[Assignment]
In the entries below, find the line with "by rewrite inE eM eqxx." and the line with "by rewrite ltr0n card_gt0.". Return those two lines and all lines between them, exactly.

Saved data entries
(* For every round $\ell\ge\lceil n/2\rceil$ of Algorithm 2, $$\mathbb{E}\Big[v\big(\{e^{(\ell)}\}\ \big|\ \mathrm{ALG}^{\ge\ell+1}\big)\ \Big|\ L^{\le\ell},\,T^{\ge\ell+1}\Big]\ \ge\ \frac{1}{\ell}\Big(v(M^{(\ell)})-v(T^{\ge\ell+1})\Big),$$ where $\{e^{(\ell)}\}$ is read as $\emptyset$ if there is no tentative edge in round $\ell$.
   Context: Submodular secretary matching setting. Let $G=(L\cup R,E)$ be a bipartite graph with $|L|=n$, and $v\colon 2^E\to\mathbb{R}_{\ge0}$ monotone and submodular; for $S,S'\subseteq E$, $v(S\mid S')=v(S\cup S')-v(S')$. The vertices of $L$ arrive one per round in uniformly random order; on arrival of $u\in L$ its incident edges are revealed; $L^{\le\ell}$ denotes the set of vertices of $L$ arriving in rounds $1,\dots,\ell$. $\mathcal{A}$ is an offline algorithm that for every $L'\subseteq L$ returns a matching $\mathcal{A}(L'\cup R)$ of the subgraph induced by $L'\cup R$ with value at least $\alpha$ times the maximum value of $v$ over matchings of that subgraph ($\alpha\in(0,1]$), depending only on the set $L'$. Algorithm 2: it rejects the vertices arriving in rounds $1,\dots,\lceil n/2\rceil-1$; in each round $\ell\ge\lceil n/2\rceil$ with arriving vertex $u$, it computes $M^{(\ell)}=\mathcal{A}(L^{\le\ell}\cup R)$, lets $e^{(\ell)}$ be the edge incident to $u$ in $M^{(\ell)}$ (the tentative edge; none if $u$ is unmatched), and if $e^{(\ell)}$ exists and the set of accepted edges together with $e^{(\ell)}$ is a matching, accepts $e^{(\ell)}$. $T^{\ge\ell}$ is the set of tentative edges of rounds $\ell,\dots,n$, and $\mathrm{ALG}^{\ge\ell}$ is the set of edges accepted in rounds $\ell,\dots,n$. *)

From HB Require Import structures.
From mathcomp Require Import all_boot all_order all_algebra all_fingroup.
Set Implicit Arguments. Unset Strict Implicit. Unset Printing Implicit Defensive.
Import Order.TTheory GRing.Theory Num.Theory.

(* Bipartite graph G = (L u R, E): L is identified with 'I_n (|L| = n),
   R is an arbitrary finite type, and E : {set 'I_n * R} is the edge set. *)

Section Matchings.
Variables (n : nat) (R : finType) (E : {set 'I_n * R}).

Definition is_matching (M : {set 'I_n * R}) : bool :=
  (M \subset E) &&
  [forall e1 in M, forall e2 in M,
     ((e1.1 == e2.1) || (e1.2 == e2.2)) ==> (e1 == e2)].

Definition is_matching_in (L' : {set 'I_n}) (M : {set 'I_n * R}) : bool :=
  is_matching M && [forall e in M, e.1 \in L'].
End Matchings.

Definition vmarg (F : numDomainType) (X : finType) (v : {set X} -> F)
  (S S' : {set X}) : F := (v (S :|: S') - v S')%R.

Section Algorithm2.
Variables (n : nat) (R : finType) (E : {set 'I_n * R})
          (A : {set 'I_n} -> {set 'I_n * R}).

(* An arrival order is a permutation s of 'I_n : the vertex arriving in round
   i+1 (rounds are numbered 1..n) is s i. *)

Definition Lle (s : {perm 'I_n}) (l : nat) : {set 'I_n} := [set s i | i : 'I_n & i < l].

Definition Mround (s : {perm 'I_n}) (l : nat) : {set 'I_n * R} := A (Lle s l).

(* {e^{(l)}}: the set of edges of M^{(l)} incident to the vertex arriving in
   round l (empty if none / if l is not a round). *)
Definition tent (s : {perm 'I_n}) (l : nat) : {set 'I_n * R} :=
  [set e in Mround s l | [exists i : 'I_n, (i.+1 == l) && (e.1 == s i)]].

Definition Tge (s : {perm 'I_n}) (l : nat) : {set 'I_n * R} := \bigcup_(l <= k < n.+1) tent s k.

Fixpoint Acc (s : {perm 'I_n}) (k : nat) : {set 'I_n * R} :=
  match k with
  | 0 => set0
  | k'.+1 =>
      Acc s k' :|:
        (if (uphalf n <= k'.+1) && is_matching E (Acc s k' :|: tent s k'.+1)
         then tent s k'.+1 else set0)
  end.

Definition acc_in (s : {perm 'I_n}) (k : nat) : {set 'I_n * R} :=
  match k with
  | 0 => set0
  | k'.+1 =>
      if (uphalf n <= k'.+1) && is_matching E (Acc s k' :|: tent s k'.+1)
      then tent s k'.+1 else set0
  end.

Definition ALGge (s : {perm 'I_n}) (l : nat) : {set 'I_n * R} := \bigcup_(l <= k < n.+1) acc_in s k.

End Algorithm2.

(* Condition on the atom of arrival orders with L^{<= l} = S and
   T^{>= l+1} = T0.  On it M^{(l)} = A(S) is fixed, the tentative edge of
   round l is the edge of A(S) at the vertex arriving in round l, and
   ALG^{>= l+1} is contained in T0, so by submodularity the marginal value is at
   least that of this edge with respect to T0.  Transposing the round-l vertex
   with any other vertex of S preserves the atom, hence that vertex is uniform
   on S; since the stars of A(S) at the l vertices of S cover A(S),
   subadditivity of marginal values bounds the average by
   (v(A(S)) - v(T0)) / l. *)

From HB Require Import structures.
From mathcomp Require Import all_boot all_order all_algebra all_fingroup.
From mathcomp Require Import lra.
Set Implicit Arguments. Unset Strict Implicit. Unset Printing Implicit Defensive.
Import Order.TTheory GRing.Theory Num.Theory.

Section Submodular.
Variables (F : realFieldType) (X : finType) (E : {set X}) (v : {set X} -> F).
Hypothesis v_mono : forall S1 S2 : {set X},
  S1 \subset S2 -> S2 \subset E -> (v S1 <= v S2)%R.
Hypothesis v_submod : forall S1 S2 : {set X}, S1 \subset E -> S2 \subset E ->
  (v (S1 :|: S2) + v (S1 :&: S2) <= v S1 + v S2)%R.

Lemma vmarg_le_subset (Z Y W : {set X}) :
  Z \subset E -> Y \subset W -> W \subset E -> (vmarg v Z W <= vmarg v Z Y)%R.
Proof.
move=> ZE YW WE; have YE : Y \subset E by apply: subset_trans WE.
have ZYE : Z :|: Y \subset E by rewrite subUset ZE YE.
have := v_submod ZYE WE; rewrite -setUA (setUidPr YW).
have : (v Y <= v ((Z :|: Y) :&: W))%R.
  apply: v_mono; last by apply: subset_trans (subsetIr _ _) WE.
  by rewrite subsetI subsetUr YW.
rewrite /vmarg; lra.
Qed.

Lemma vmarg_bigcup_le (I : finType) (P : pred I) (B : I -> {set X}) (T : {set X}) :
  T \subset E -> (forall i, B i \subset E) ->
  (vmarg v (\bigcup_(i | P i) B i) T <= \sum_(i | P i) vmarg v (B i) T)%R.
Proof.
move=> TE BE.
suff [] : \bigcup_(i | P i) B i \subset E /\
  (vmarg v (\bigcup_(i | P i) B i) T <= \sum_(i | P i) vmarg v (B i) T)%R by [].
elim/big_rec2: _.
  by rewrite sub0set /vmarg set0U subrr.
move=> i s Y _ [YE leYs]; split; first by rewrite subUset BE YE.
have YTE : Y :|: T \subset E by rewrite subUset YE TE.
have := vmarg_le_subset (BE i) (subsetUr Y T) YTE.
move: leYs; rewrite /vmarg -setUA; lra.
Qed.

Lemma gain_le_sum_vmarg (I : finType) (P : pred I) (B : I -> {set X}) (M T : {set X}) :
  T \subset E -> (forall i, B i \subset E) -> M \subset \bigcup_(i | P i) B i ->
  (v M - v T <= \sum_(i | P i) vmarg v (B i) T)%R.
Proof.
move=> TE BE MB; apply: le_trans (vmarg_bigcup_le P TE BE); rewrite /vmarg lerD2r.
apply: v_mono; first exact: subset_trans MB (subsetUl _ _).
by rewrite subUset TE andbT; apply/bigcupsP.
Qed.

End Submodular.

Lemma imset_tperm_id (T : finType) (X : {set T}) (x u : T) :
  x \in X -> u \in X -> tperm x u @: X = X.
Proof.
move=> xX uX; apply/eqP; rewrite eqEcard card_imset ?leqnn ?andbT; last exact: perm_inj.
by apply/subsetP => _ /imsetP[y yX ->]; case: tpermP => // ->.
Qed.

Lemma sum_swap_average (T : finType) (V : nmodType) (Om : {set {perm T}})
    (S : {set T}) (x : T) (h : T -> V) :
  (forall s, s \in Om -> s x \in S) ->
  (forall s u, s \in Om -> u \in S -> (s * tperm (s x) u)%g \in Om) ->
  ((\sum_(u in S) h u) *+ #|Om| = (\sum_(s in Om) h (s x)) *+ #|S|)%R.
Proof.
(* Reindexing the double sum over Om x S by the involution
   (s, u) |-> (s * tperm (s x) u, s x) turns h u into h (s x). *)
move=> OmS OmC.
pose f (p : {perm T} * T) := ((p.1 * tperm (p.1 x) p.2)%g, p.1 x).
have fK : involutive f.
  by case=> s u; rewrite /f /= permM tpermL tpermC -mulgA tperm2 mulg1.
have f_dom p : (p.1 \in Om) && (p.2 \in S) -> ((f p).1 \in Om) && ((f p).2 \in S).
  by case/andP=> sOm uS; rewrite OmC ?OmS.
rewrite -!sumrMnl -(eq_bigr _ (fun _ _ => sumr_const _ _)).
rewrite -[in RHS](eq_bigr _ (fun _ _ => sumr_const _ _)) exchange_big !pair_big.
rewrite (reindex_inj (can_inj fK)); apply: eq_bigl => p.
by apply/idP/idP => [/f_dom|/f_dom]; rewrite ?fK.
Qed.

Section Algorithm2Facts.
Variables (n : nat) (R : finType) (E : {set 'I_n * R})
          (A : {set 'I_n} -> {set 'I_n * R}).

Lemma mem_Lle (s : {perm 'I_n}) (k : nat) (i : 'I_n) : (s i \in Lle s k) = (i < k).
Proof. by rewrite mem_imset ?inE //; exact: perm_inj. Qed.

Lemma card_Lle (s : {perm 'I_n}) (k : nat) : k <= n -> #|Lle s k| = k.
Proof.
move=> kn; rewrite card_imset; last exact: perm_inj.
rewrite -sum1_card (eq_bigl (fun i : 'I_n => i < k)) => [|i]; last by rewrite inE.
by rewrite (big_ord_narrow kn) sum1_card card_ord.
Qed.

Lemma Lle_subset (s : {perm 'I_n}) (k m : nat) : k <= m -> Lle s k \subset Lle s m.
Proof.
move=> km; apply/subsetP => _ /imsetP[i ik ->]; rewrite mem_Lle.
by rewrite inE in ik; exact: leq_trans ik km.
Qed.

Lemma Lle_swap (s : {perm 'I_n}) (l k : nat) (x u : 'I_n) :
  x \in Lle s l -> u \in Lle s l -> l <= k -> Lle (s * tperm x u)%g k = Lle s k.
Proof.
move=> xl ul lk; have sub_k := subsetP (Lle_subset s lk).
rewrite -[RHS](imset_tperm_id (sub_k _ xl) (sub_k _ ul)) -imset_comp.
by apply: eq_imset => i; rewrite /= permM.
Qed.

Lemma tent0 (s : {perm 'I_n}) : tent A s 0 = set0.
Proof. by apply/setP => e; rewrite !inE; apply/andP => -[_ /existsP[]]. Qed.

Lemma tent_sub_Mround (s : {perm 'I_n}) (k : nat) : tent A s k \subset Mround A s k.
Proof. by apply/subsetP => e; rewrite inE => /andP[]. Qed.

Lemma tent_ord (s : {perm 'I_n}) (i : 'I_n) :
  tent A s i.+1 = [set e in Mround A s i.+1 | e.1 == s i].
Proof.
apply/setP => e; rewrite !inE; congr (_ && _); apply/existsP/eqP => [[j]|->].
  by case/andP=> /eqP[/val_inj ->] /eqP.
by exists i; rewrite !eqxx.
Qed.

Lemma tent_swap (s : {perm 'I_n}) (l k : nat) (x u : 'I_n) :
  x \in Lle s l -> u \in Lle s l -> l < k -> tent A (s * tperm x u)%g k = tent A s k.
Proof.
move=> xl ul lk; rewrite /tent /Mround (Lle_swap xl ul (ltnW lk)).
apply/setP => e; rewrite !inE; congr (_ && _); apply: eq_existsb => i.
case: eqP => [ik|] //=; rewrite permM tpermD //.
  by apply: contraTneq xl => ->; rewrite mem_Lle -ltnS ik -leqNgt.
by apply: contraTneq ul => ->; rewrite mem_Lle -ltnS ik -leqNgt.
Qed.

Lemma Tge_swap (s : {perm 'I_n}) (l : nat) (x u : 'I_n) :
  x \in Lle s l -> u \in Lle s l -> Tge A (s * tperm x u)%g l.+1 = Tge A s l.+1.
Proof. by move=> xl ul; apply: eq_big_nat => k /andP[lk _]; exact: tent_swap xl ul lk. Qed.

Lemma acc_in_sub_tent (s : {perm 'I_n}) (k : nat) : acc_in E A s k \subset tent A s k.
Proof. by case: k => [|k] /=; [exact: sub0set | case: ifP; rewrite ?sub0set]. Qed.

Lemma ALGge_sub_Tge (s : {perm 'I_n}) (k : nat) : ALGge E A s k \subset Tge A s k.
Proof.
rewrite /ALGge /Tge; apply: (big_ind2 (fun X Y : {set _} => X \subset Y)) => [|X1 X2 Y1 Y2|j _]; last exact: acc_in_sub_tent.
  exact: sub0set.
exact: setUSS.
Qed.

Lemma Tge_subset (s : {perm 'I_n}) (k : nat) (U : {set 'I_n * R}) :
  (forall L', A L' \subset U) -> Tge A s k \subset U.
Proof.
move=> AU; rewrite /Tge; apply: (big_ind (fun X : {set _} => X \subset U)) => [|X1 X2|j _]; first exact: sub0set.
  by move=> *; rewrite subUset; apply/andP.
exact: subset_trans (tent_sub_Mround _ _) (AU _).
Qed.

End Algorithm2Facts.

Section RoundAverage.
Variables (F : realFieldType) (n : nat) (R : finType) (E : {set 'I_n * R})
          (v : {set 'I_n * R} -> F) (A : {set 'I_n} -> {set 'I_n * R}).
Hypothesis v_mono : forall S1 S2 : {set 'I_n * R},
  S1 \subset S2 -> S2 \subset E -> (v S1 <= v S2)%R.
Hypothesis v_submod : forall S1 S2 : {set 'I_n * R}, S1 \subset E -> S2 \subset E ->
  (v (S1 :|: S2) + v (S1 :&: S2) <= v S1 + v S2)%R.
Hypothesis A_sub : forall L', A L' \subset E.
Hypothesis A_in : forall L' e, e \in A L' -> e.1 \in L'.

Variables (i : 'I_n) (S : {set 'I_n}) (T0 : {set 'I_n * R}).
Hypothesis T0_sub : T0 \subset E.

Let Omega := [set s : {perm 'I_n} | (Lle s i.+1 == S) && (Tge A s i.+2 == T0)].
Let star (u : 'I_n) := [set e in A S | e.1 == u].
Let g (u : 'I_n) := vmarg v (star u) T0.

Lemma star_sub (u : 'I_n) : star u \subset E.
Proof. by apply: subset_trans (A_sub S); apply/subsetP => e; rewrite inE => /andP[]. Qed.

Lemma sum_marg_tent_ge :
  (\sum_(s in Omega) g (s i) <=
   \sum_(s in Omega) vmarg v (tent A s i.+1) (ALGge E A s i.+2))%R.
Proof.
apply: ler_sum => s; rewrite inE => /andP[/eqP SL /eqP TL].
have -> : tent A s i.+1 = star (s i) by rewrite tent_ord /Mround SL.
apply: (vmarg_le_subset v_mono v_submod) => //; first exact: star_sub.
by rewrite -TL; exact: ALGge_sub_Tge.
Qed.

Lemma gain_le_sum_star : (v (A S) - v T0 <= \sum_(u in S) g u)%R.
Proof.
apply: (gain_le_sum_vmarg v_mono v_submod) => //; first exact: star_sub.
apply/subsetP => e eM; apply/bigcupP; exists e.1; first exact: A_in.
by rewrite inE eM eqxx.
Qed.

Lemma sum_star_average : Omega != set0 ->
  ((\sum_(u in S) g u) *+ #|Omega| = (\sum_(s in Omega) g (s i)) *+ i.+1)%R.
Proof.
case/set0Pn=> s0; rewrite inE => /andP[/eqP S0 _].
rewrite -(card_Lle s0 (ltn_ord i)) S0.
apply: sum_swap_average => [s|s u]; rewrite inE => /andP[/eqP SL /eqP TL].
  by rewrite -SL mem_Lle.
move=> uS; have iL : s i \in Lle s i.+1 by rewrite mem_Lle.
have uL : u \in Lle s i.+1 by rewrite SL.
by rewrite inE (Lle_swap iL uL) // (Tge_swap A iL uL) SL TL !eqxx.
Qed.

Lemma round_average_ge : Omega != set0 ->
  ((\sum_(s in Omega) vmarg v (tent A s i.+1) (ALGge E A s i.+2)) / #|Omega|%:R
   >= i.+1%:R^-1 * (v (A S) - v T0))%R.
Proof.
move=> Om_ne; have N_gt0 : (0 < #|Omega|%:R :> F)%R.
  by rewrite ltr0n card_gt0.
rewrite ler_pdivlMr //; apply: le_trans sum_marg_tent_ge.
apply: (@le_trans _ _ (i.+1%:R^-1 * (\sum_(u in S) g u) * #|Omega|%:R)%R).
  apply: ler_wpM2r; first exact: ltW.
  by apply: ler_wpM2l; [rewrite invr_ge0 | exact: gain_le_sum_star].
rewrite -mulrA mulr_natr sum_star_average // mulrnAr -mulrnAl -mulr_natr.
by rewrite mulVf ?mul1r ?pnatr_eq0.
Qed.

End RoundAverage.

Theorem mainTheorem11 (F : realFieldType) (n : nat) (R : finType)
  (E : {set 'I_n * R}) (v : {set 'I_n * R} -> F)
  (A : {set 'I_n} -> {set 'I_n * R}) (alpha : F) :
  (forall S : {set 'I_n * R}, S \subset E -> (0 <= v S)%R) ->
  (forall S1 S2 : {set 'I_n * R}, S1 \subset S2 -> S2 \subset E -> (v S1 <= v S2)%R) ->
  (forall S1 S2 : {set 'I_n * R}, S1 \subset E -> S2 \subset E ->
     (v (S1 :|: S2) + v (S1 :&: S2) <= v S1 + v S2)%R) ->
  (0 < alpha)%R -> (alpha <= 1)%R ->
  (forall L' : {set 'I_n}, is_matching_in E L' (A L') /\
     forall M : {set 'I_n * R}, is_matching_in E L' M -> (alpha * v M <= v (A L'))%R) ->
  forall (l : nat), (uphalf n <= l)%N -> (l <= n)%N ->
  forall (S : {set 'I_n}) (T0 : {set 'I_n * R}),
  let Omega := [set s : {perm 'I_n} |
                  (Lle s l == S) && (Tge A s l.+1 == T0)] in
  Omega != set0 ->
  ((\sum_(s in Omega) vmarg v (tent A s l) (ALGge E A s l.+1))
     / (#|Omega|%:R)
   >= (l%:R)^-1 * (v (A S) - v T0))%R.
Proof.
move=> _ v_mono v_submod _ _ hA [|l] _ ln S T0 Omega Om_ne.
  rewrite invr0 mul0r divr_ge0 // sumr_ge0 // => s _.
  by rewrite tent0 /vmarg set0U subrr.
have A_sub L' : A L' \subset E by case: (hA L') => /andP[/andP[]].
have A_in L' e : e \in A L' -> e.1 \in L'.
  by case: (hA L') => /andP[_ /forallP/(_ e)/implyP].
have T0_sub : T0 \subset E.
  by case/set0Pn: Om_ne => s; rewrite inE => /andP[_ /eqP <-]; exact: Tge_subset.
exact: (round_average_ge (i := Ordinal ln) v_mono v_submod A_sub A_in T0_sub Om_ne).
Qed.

[Written response]
by rewrite inE eM eqxx.
Qed.

Lemma sum_star_average : Omega != set0 ->
  ((\sum_(u in S) g u) *+ #|Omega| = (\sum_(s in Omega) g (s i)) *+ i.+1)%R.
Proof.
case/set0Pn=> s0; rewrite inE => /andP[/eqP S0 _].
rewrite -(card_Lle s0 (ltn_ord i)) S0.
apply: sum_swap_average => [s|s u]; rewrite inE => /andP[/eqP SL /eqP TL].
  by rewrite -SL mem_Lle.
move=> uS; have iL : s i \in Lle s i.+1 by rewrite mem_Lle.
have uL : u \in Lle s i.+1 by rewrite SL.
by rewrite inE (Lle_swap iL uL) // (Tge_swap A iL uL) SL TL !eqxx.
Qed.

Lemma round_average_ge : Omega != set0 ->
  ((\sum_(s in Omega) vmarg v (tent A s i.+1) (ALGge E A s i.+2)) / #|Omega|%:R
   >= i.+1%:R^-1 * (v (A S) - v T0))%R.
Proof.
move=> Om_ne; have N_gt0 : (0 < #|Omega|%:R :> F)%R.
  by rewrite ltr0n card_gt0.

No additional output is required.